2.2. Learning-Based CU Partition

To tackle this problem, the learning-based approaches [8,28,29,30] introduce some statistical models trained from a large number of data to directly make decisions on the CU partition so that the recursive search of RD can be saved and the calculation time can be further reduced. Du et al. [28] proposed to apply random forest to skip or terminate CU partition in advance. Zhang et al. [29] utilized decision tree to predict the strategy of CU splitting offline. Then, an approach jointly using the online and offline mode was described in [8]. Fu et al. [30] further presented the idea to extract the texture features from the input images, and support vector machines (SVM) were employed to split CU. To sum up, learning-based approaches improve the efficiency of the CU partition, but some limitations due to the representation of heuristic features still exist.

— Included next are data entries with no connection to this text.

(* Suppose $\mathbf{U}\in\mathbb{R}^{N\times n}$ is the matrix of the first $n$ left singular vectors of a data matrix $\mathbf{X}\in\mathbb{R}^{N\times n_s}$, and $\boldsymbol{\Sigma}\in\mathbb{R}^{n\times n}$ is the corresponding diagonal matrix of (nonzero) singular values $\{\sigma_j\}_{j=1}^n$. Let $\hat{\mathbf{X}}=\mathbf{U}^\intercal\mathbf{X}\in\mathbb{R}^{n\times n_s}$ and $\hat{\mathbf{X}}_t=\mathbf{U}^\intercal\mathbf{X}_t\in\mathbb{R}^{n\times n_s}$, where $\mathbf{X}_t$ is an approximation (e.g. by finite differences) to the time derivative of the snapshots in $\mathbf{X}$. Then the unique solution to the operator inference problem of size $n$ is given by \[ \hat{\mathbf{D}} = \operatorname*{argmin}_{\mathbf{D}\in\mathbb{R}^{n\times n}}\left\|\hat{\mathbf{X}}_t - \mathbf{D}\hat{\mathbf{X}}\right\|^2 = \hat{\mathbf{X}}_t\hat{\mathbf{X}}^\intercal\boldsymbol{\Sigma}^{-2}.\] Moreover, for any $n'<n$, the submatrix $\hat{\mathbf{D}}'\in\mathbb{R}^{n'\times n'}$ formed by extracting the first $n'$ rows and columns of $\hat{\mathbf{D}}$ is the solution to the corresponding operator inference problem of size $n'$ (i.e. the same problem with $\mathbf{U}$ replaced by its first $n'$ columns).
   Context: Operator inference (OpInf) learns a reduced linear operator $\hat{\mathbf{D}}$ for a reduced model $\dot{\hat{\mathbf{x}}}=\hat{\mathbf{D}}\hat{\mathbf{x}}$ from projected snapshot data by least squares; the norm is the Frobenius norm. *)

From HB Require Import structures.
From mathcomp Require Import all_boot all_order all_algebra.
Set Implicit Arguments. Unset Strict Implicit. Unset Printing Implicit Defensive.
Import Order.TTheory GRing.Theory Num.Theory.
Local Open Scope ring_scope.

Definition frob2 (R : realFieldType) (m k : nat) (M : 'M[R]_(m, k)) : R :=
  \sum_(i < m) \sum_(j < k) (M i j) ^+ 2.

Definition is_svd (R : realFieldType) (N ns : nat) (X : 'M[R]_(N, ns))
    (W : 'M[R]_N) (s : nat -> R) (V : 'M[R]_ns) : Prop :=
  [/\ W^T *m W = 1%:M /\ W *m W^T = 1%:M,
      V^T *m V = 1%:M /\ V *m V^T = 1%:M,
      (forall k, (k < minn N ns)%N -> 0 <= s k),
      (forall k l, (k <= l)%N -> (l < minn N ns)%N -> s l <= s k) &
      X = W *m (\matrix_(i < N, j < ns) (if (i == j :> nat) then s i else 0))
            *m V^T].

Definition opinf_obj (R : realFieldType) (N ns k : nat) (U : 'M[R]_(N, k))
    (X Xt : 'M[R]_(N, ns)) (D : 'M[R]_k) : R :=
  frob2 (U^T *m Xt - D *m (U^T *m X)).

Definition opinf_min (R : realFieldType) (N ns k : nat) (U : 'M[R]_(N, k))
    (X Xt : 'M[R]_(N, ns)) (D : 'M[R]_k) : Prop :=
  forall D' : 'M[R]_k, opinf_obj U X Xt D <= opinf_obj U X Xt D'.

Definition opinf_unique_solution (R : realFieldType) (N ns k : nat)
    (U : 'M[R]_(N, k)) (X Xt : 'M[R]_(N, ns)) (D : 'M[R]_k) : Prop :=
  opinf_min U X Xt D /\ (forall D', opinf_min U X Xt D' -> D' = D).

From HB Require Import structures.
From mathcomp Require Import all_boot all_order all_algebra.
Import Order.TTheory GRing.Theory Num.Theory.
Local Open Scope ring_scope.

(* With B := U^T X, the objective ||A - D B||^2 splits by Pythagoras into
   ||A - D0 B||^2 + ||(D0 - D) B||^2, where D0 := A B^T (B B^T)^-1 solves the
   normal equations; when B B^T is invertible the second term vanishes only
   at D = D0.  If U consists of the leading left singular vectors, then
   B B^T = Sigma^2 is diagonal, so entry (i, j) of D0 only involves columns i
   and j of U: the leading n' x n' block of the size-n solution is therefore
   the size-n' solution. *)

Section Frobenius.

Context {R : realFieldType}.

Lemma frob2_trace m k (M : 'M[R]_(m, k)) : frob2 M = \tr (M *m M^T).
Proof.
rewrite /frob2 /mxtrace; apply: eq_bigr => i _; rewrite mxE.
by apply: eq_bigr => j _; rewrite !mxE expr2.
Qed.

Lemma frob2_ge0 m k (M : 'M[R]_(m, k)) : 0 <= frob2 M.
Proof. by apply: sumr_ge0 => i _; apply: sumr_ge0 => j _; apply: sqr_ge0. Qed.

Lemma frob2_eq0 m k (M : 'M[R]_(m, k)) : frob2 M = 0 -> M = 0.
Proof.
have rows_ge0 i : 0 <= \sum_(j < k) M i j ^+ 2.
  by apply: sumr_ge0 => j _; apply: sqr_ge0.
move/psumr_eq0P=> /(_ (fun i _ => rows_ge0 i)) row0; apply/matrixP => i j; rewrite mxE.
have /psumr_eq0P entry0 := row0 i isT.
by apply/eqP; rewrite -sqrf_eq0 entry0 // => l _; apply: sqr_ge0.
Qed.

Lemma frob2D_orthogonal m k (P Q : 'M[R]_(m, k)) :
  P *m Q^T = 0 -> frob2 (P + Q) = frob2 P + frob2 Q.
Proof.
move=> PQ0; have QP0 : Q *m P^T = 0 by rewrite -[LHS]trmxK trmx_mul trmxK PQ0 trmx0.
by rewrite !frob2_trace linearD /= mulmxDl !mulmxDr PQ0 QP0 addr0 add0r mxtraceD.
Qed.

End Frobenius.

Section LeastSquares.

Context {R : realFieldType} {k m : nat} (A B : 'M[R]_(k, m)).
Hypothesis gram_unit : B *m B^T \in unitmx.

Let D0 := A *m B^T *m invmx (B *m B^T).

Lemma lsq_residual_orthogonal : (A - D0 *m B) *m B^T = 0.
Proof. by rewrite mulmxBl -mulmxA mulmxKV // subrr. Qed.

Lemma lsq_objective_split (D : 'M[R]_k) :
  frob2 (A - D *m B) = frob2 (A - D0 *m B) + frob2 ((D0 - D) *m B).
Proof.
rewrite -frob2D_orthogonal; first by rewrite mulmxBl addrA subrK.
by rewrite trmx_mul mulmxA lsq_residual_orthogonal mul0mx.
Qed.

Lemma lsq_unique_minimizer :
  (forall D, frob2 (A - D0 *m B) <= frob2 (A - D *m B)) /\
  (forall D', (forall D, frob2 (A - D' *m B) <= frob2 (A - D *m B)) -> D' = D0).
Proof.
split=> [D | D' D'_min]; first by rewrite (lsq_objective_split D) lerDl frob2_ge0.
have := D'_min D0; rewrite (lsq_objective_split D') gerDl => le0.
have /frob2_eq0 defect0 : frob2 ((D0 - D') *m B) = 0.
  by apply/le_anti; rewrite le0 frob2_ge0.
apply/esym/subr0_eq.
by rewrite -(mulmxK gram_unit (D0 - D')) mulmxA defect0 !mul0mx.
Qed.

End LeastSquares.

Lemma opinf_normal_equations (R : realFieldType) (N ns k : nat)
    (U : 'M[R]_(N, k)) (X Xt : 'M[R]_(N, ns)) :
  (U^T *m X) *m (U^T *m X)^T \in unitmx ->
  opinf_unique_solution U X Xt
    (U^T *m Xt *m (U^T *m X)^T *m invmx ((U^T *m X) *m (U^T *m X)^T)).
Proof. by move=> gram_unit; exact: (lsq_unique_minimizer (U^T *m Xt) _ gram_unit). Qed.

Section Diagonal.

Context {F : fieldType}.

Lemma unitmx_diag n (d : 'rV[F]_n) : (forall j, d 0 j != 0) -> diag_mx d \in unitmx.
Proof. by move=> d_neq0; rewrite unitmxE det_diag unitfE; apply/prodf_neq0. Qed.

Lemma invmx_diag n (d : 'rV[F]_n) :
  (forall j, d 0 j != 0) -> invmx (diag_mx d) = diag_mx (map_mx GRing.inv d).
Proof.
move=> d_neq0; have dV : diag_mx d *m diag_mx (map_mx GRing.inv d) = 1%:M.
  rewrite mulmx_diag -diag_const_mx; congr diag_mx.
  by apply/rowP => j; rewrite !mxE divff.
by rewrite -[RHS](mulKmx (unitmx_diag _ _ d_neq0)) dV mulmx1.
Qed.

Lemma diag_mx_row_sqr n (s : nat -> F) :
  diag_mx (\row_(j < n) s j) *m diag_mx (\row_(j < n) s j)
    = diag_mx (\row_(j < n) s j ^+ 2).
Proof. by rewrite mulmx_diag; congr diag_mx; apply/rowP => j; rewrite !mxE expr2. Qed.

Lemma mxsub_mul_diag m n m' n' (f : 'I_m' -> 'I_m) (g : 'I_n' -> 'I_n)
    (M : 'M[F]_(m, n)) (d : 'rV[F]_n) :
  mxsub f g (M *m diag_mx d) = mxsub f g M *m diag_mx (colsub g d).
Proof. by rewrite !mul_mx_diag; apply/matrixP => i j; rewrite !mxE. Qed.

Lemma mxsub_mul_tr_invmx_diag k m k' (g : 'I_k' -> 'I_k) (A B : 'M[F]_(k, m))
    (d : 'rV[F]_k) :
  (forall j, d 0 j != 0) ->
  mxsub g g (A *m B^T *m invmx (diag_mx d))
    = rowsub g A *m (rowsub g B)^T *m invmx (diag_mx (colsub g d)).
Proof.
move=> d_neq0; rewrite !invmx_diag => [|j|//]; last by rewrite mxE.
by rewrite mxsub_mul_diag mxsub_mul trmx_mxsub map_mxsub.
Qed.

End Diagonal.

Section SVD.

Context {R : realFieldType} {N ns : nat} {X : 'M[R]_(N, ns)} {W : 'M[R]_N}
  {s : nat -> R} {V : 'M[R]_ns}.
Hypothesis svdX : is_svd X W s V.

Lemma svd_proj k (f : 'I_k -> 'I_N) :
  (colsub f W)^T *m X
    = rowsub f (\matrix_(i < N, j < ns) (if i == j :> nat then s i else 0)) *m V^T.
Proof.
case: svdX => [[WtW _] _ _ _ ->].
by rewrite trmx_mxsub !mulmxA !mul_rowsub_mx WtW mul1mx.
Qed.

Lemma svd_proj_gram k (f : 'I_k -> 'I_N) :
  (forall i, f i = i :> nat) -> (k <= ns)%N ->
  ((colsub f W)^T *m X) *m ((colsub f W)^T *m X)^T = diag_mx (\row_(j < k) s j ^+ 2).
Proof.
move=> f_id k_le_ns; have [_ [VtV _] _ _ _] := svdX.
rewrite svd_proj trmx_mul trmxK mulmxA -[_ *m V^T *m V]mulmxA VtV mulmx1.
apply/matrixP => i j; rewrite !mxE (bigD1 (widen_ord k_le_ns i)) //= big1 => [|l].
  rewrite !mxE !f_id eqxx addr0 /= (val_eqE j i) eq_sym.
  by case: eqP => [-> | _]; rewrite ?mulr1n ?mulr0n ?mulr0 ?expr2.
move=> l_neq; have /negbTE i_neq_l : (i : nat) != l by rewrite eq_sym; exact: l_neq.
by rewrite !mxE f_id i_neq_l mul0r.
Qed.

Lemma opinf_svd_solution k (f : 'I_k -> 'I_N) (Xt : 'M[R]_(N, ns)) :
  (forall i, f i = i :> nat) -> (k <= ns)%N -> (forall j, (j < k)%N -> s j != 0) ->
  opinf_unique_solution (colsub f W) X Xt
    ((colsub f W)^T *m Xt *m ((colsub f W)^T *m X)^T *m
      invmx (diag_mx (\row_(j < k) s j ^+ 2))).
Proof.
move=> f_id k_le_ns s_neq0; rewrite -(svd_proj_gram _ _ f_id k_le_ns).
apply: opinf_normal_equations; rewrite svd_proj_gram //.
by apply: unitmx_diag => j; rewrite mxE sqrf_eq0 s_neq0.
Qed.

End SVD.

Theorem proposition1 (R : realFieldType) (N ns n : nat)
    (X Xt : 'M[R]_(N, ns)) (W : 'M[R]_N) (s : nat -> R) (V : 'M[R]_ns)
    (hn : (n <= minn N ns)%N) :
  is_svd X W s V ->
  (forall j, (j < n)%N -> s j != 0) ->
  let U : 'M[R]_(N, n) :=
    colsub (widen_ord (leq_trans hn (geq_minl N ns))) W in
  let Sigma : 'M[R]_n := diag_mx (\row_(j < n) s j) in
  let Xh := U^T *m X in
  let Xht := U^T *m Xt in
  let Dh := Xht *m Xh^T *m invmx (Sigma *m Sigma) in
  opinf_unique_solution U X Xt Dh /\
  (forall (n' : nat) (hn' : (n' < n)%N),
     let U' : 'M[R]_(N, n') := colsub (widen_ord (ltnW hn')) U in
     let Dh' : 'M[R]_n' := mxsub (widen_ord (ltnW hn')) (widen_ord (ltnW hn')) Dh in
     opinf_unique_solution U' X Xt Dh').
Proof.
move=> svdX s_neq0 /=; rewrite diag_mx_row_sqr.
set U := colsub _ W; have n_le_ns : (n <= ns)%N := leq_trans hn (geq_minr N ns).
split; first exact: (opinf_svd_solution svdX).
move=> n' lt_n'n; set g := widen_ord _.
rewrite mxsub_mul_tr_invmx_diag => [|j]; last by rewrite mxE sqrf_eq0 s_neq0.
have -> : colsub g (\row_(j < n) s j ^+ 2) = \row_(j < n') s j ^+ 2.
  by apply/rowP => j; rewrite !mxE.
rewrite -!mul_rowsub_mx -!trmx_mxsub -colsub_comp.
apply: (opinf_svd_solution svdX) => // [|j lt_jn'].
  exact: leq_trans (ltnW lt_n'n) n_le_ns.
exact/s_neq0/(ltn_trans lt_jn').
Qed.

Recently, some approaches based on deep learning [16,17,18,19,20,21] have appeared to address the problem of CU partition. To enhance the representation of heuristic features, convolutional neural networks (CNN) are adopted to automatically extract features related to the CU partition. Liu et al. [16] first applied CNN to realize the optimization of HEVC in hardware and software. Jin et al. [17] utilized CNN to optimize the quad-tree of CU splitting. Wang et al. [19] designed a fast partition decision algorithm with a CNN-based quad-tree structure of CU. Xu et al. [18] designed an ETH-CNN to predict the CU partition, aiming to reduce the coding time of both the intra and the inter-mode in the HEVC. Zhang et al. [20] explored the texture information of the given images by using a CNN model to accelerate the CU partition. A similar work [21] continued to explore by applying the CNN approach on how to utilize the texture information to implement the fast decision of CU partition. Moreover, Feng et al. [6] utilized the depth map prediction for fast block partitioning based on CNN. Tissier et al. [31] trained CNN to predict a probability vector that speeds up coding block partitioning in VVC. Nevertheless, these works commonly regard CU partition as a binary classification problem, which leads to the binary output without information relating to RD cost; therefore, we propose a dual network based on RD, with the purpose of making some attempts introduce the RD cost in the training process.

3. Methodology

To introduce RD cost to balance the coding performance and speed, our RDNet is designed based on the dual network architecture, which is composed of a CU splitting prediction network and an RD target network. The original CTU and its corresponding mask, which is averagely split with $8\times 8$, are utilized as inputs of RDNet. The prediction network consists of 3 convolutional layers and 1 full-connection (fc) layer, which is trained by a binary classification loss. In particular, the output of the prediction network is a hierarchical CU partition map (HCPM) as [18], which represents the CU partition mode. The architecture of the target network is similar to that of the prediction network, and the network is trained by an RD loss. To jointly train the dual network, parameters are shared between the target network and the prediction network. Consequently, we design a parameter exchanging strategy. Following with the fc layer of the target network, an RD memory is constructed to store and evaluate the calculated RD cost. In the parameters exchanging, parameters of the prediction network remain unchanged if and only if the RD cost is less than the previous value, otherwise the parameters are updated by those of the target network. The overall structure of RDNet is shown in Figure 2.

3.1. The RD Memory

The existing CNN-based approaches barely consider the RD cost during deciding on the CU partition, which makes it difficult to optimize the distortion. To resolve this issue, an RD memory is designed to store and evaluate the RD cost of the output HCPM from the prediction network in our approach. Correspondingly, a parameter-sharing strategy is proposed to make a balance between the target network and the prediction network.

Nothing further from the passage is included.